Поэтому в данной главе я подробно рассмотрю взгляды ученого в контексте истории идей, прежде чем обратиться к порожденным ими визуальным воплощениям и риторическим топосам дискурса о моде, которые являются предметом главы 2. Речь пойдет именно об истории идей, а не истории науки, так как меня интересует прежде всего распространение и рецепция дарвинизма за пределами естественных наук, в поле социогуманитарного знания: в рамках нарождавшихся в это время дисциплин, таких как культурная антропология, социология и психология, и в области популярных представлений о человеке и обществе. Такие представления не обязательно носили строго «научный» характер даже с точки зрения современников, не говоря уже о нашей ретроспективной оценке, однако образовывали важную часть публицистического дискурса и укоренялись в обыденном сознании огромного числа людей.

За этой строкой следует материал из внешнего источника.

(* Let $n\geq1$ be an integer, $p>1$ real, $q=pe^{2\pi i/n}$, and $X_{n,p}=\{\sum_{k=0}^{n-1}x_kq^k\mid x_k\in\{0,1\}\}$. For $h=1,\dots,n$ define $$\underline K(h)=\{k\in\{0,\dots,n-1\}\mid (k-h+1)\bmod n\leq \lfloor n/2\rfloor-1\},\qquad \overline K(h)=\{k\in\{0,\dots,n-1\}\mid (k-h+1)\bmod n\leq \lceil n/2\rceil-1\},$$ with $(k-h+1)\bmod n\in\{0,\dots,n-1\}$, and set $\mathbf v_{2h-1}=\sum_{k\in\underline K(h)}q^k$, $\mathbf v_{2h}=\sum_{k\in\overline K(h)}q^k$. Indices of the $\mathbf v_j$ are taken modulo $2n$ (so $\mathbf v_0=\mathbf v_{2n}$), and for $j=1,\dots,2n$ let $\mathbf n_j=-i(\mathbf v_j-\mathbf v_{j-1})$. Then for every $x\in X_{n,p}$ and every $h=1,\dots,n$, $$(x-\mathbf v_{2h-1})\cdot\mathbf n_{2h-1}\leq0\qquad\text{and}\qquad (x-\mathbf v_{2h})\cdot\mathbf n_{2h}\leq 0 .$$
   Context: For $\mathbf u,\mathbf w\in\mathbb C$, the scalar product is $\mathbf u\cdot\mathbf w=\mathrm{Re}(\mathbf u\,\overline{\mathbf w})=|\mathbf u||\mathbf w|\cos(\arg\mathbf u-\arg\mathbf w)$, i.e. the Euclidean inner product under $\mathbb C\cong\mathbb R^2$. *)

From Stdlib Require Import Reals Lra Lia ZArith List.
From Coquelicot Require Import Coquelicot.
Open Scope R_scope.

Definition cdot (u w : C) : R := Re (Cmult u (Cconj w)).

Definition csum (l : list nat) (f : nat -> C) : C :=
  fold_right (fun k acc => Cplus (f k) acc) (RtoC 0) l.

Definition qn (n : nat) (p : R) : C :=
  Cmult (RtoC p) (cos (2 * PI / INR n), sin (2 * PI / INR n)).

Definition inX (n : nat) (p : R) (x : C) : Prop :=
  exists b : nat -> bool,
    x = csum (seq 0 n) (fun k => if b k then Cpow (qn n p) k else RtoC 0).

Definition inKunder (n h k : nat) : bool :=
  Z.leb (Z.modulo (Z.of_nat k - Z.of_nat h + 1)%Z (Z.of_nat n))
        (Z.of_nat (n / 2) - 1)%Z.
Definition inKover (n h k : nat) : bool :=
  Z.leb (Z.modulo (Z.of_nat k - Z.of_nat h + 1)%Z (Z.of_nat n))
        (Z.of_nat ((n + 1) / 2) - 1)%Z.

Definition vunder (n : nat) (p : R) (h : nat) : C :=
  csum (filter (inKunder n h) (seq 0 n)) (fun k => Cpow (qn n p) k).
Definition vover (n : nat) (p : R) (h : nat) : C :=
  csum (filter (inKover n h) (seq 0 n)) (fun k => Cpow (qn n p) k).

(* v_j, index j taken modulo 2n with representative in {1,...,2n};
   v_{2h-1} = vunder h, v_{2h} = vover h. *)
Definition vv (n : nat) (p : R) (j : Z) : C :=
  let r := Z.modulo j (2 * Z.of_nat n)%Z in
  let j' := if Z.eqb r 0 then (2 * Z.of_nat n)%Z else r in
  if Z.odd j' then vunder n p (Z.to_nat ((j' + 1) / 2)%Z)
  else vover n p (Z.to_nat (j' / 2)%Z).

Definition nn (n : nat) (p : R) (j : Z) : C :=
  Cmult (Copp Ci) (Cminus (vv n p j) (vv n p (j - 1)%Z)).

From Stdlib Require Import Reals ZArith List Lia Lra.
From Coquelicot Require Import Coquelicot.
Open Scope R_scope.

(* Write [x = sum_l b_l q^l] and [v_j = sum_(k in s) q^k], [v_(j-1) = sum_(k in s') q^k]
   with [s], [s'] cyclic windows of residues.  Then [(x - v_j) . n_j] is the double sum
   of [(b_l - [l in s]) ([k in s] - [k in s']) p^(k+l) sin((k - l) 2pi/n)].  Only the
   (at most one) index [k] where the two windows differ contributes, and for it the
   sign of [sin((k - l) 2pi/n)] is determined by whether [l] lies in [s]: since [s] is a
   window of length about [n/2] ending at [k] or starting right after [k], the residues
   of [k - l] split into [[0, n/2]] and [[n/2, n)] accordingly.  Finally [b_l - [l in s]]
   is [<= 0] on [s] and [>= 0] off [s], so every term is [<= 0]. *)

Lemma cdot_eq u w : cdot u w = fst u * fst w + snd u * snd w.
Proof. destruct u, w; unfold cdot, Re, Cconj, Cmult; simpl; ring. Qed.

Lemma cdot_plus_l u v w : cdot (Cplus u v) w = cdot u w + cdot v w.
Proof. rewrite !cdot_eq; simpl; ring. Qed.

Lemma cdot_plus_r u v w : cdot u (Cplus v w) = cdot u v + cdot u w.
Proof. rewrite !cdot_eq; simpl; ring. Qed.

Lemma cdot_csum_l_nonpos L f w :
  (forall l, In l L -> cdot (f l) w <= 0) -> cdot (csum L f) w <= 0.
Proof.
  induction L as [|a L IH]; simpl; intros Hf.
  - rewrite cdot_eq; simpl; lra.
  - rewrite cdot_plus_l.
    assert (cdot (f a) w <= 0) by auto.
    assert (cdot (csum L f) w <= 0) by auto.
    lra.
Qed.

Lemma cdot_csum_r_nonpos K u g :
  (forall k, In k K -> cdot u (g k) <= 0) -> cdot u (csum K g) <= 0.
Proof.
  induction K as [|a K IH]; simpl; intros Hg.
  - rewrite cdot_eq; simpl; lra.
  - rewrite cdot_plus_r.
    assert (cdot u (g a) <= 0) by auto.
    assert (cdot u (csum K g) <= 0) by auto.
    lra.
Qed.

Lemma cdot_csum_nonpos L K f g :
  (forall l k, In l L -> In k K -> cdot (f l) (g k) <= 0) ->
  cdot (csum L f) (csum K g) <= 0.
Proof.
  intros H; apply cdot_csum_l_nonpos; intros l Hl.
  apply cdot_csum_r_nonpos; auto.
Qed.

Lemma csum_minus L f g :
  Cminus (csum L f) (csum L g) = csum L (fun k => Cminus (f k) (g k)).
Proof.
  induction L as [|a L IH]; simpl; [|rewrite <- IH];
    apply injective_projections; simpl; ring.
Qed.

Lemma csum_mult_l L f c : Cmult c (csum L f) = csum L (fun k => Cmult c (f k)).
Proof.
  induction L as [|a L IH]; simpl; [|rewrite <- IH];
    apply injective_projections; simpl; ring.
Qed.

В разделе «Чарлз Дарвин и мода» я рассмотрю связь идей Дарвина с их собственным интеллектуальным, социальным, визуальным и материальным контекстом, фокусируясь на многочисленных отсылках к современной женской моде в трудах ученого. Эти аналогии порой играют ключевую роль в дарвиновской аргументации, наглядно демонстрируя, до какой степени природа мыслилась в антропоморфных категориях, отражающих представления самого ученого о «естественном» устройстве общества. Раздел «Теории моды после Дарвина» посвящен попыткам различных авторов применить идеи Дарвина к описанию и объяснению истории костюма и модного поведения своего времени. Первые подобные опыты возникли уже при жизни Чарлза Дарвина и носили характер прямых отсылок к его работам, если не оммажей выдающемуся ученому. Со временем имя Дарвина исчезает из текстов, посвященных одежде и моде8, однако влияние его идей в этой области, как я продемонстрирую в данном исследовании, подспудно сохраняется по меньшей мере до конца 1930‑х годов. Наконец, в разделе «Не только Дарвин» речь пойдет об альтернативных взглядах на эволюцию живых существ, которые нередко смешиваются с дарвиновскими, в частности в дискурсе о моде, поэтому я вижу свою задачу в том, чтобы, насколько это возможно, разграничить трансформистские концепции и теорию Дарвина, а главное, их отзвуки в более широком культурном контексте. Идеи Ламарка, Жоффруа Сент-Илера и других более ранних авторов не только оказались вновь востребованы на рубеже XIX–XX веков, в качестве альтернативы «вышедшей из моды» в тот момент дарвиновской эволюционной теории, но и приобрели неожиданно актуальное звучание столетие спустя, в контексте дискуссий о постгуманизме и киборгизации, влияние которых на моду будет в дальнейшем подробно рассмотрено в главе 3.
Чарлз Дарвин и мода
В викторианском обществе, к которому принадлежал Чарлз Дарвин, преобладала гендерная идеология «раздельных сфер», предполагавшая, что повседневные занятия и интересы мужчин и женщин практически не пересекаются. Пример моды наглядно показывает, что это была довольно условная теоретическая конструкция, не отражавшая реального положения дел. Представления о должном в области современного мужского костюма нашли свое наиболее яркое выражение в известной концепции «великого мужского отречения», сформулированной Дж. К. Флюгелем в 1930 году (Carter 2003: 109). Согласно ей, во второй половине XVIII столетия в мужской одежде намечается движение к все большей простоте и лаконичности, сдержанным тонам, отказу от украшений и обильной отделки. Иными словами, мужчины дистанцируются от моды, сфера которой отныне маркирована как «женская», и максимум, что они могут себе позволить, – это «заметная незаметность» денди (Вайнштейн 2006). Однако, как будет показано далее в этой книге, по меньшей мере до середины XIX века именно мужчины прежде всего воспринимались как обладатели яркого «оперения», и в действительности сохранившиеся предметы одежды, в первую очередь разноцветные, расшитые шелком и золотой нитью жилеты, демонстрируют, скорее, тягу к приватной зрелищности, к роскоши, которая может быть не видна стороннему наблюдателю, но, безусловно, осязаема и важна для самого носителя.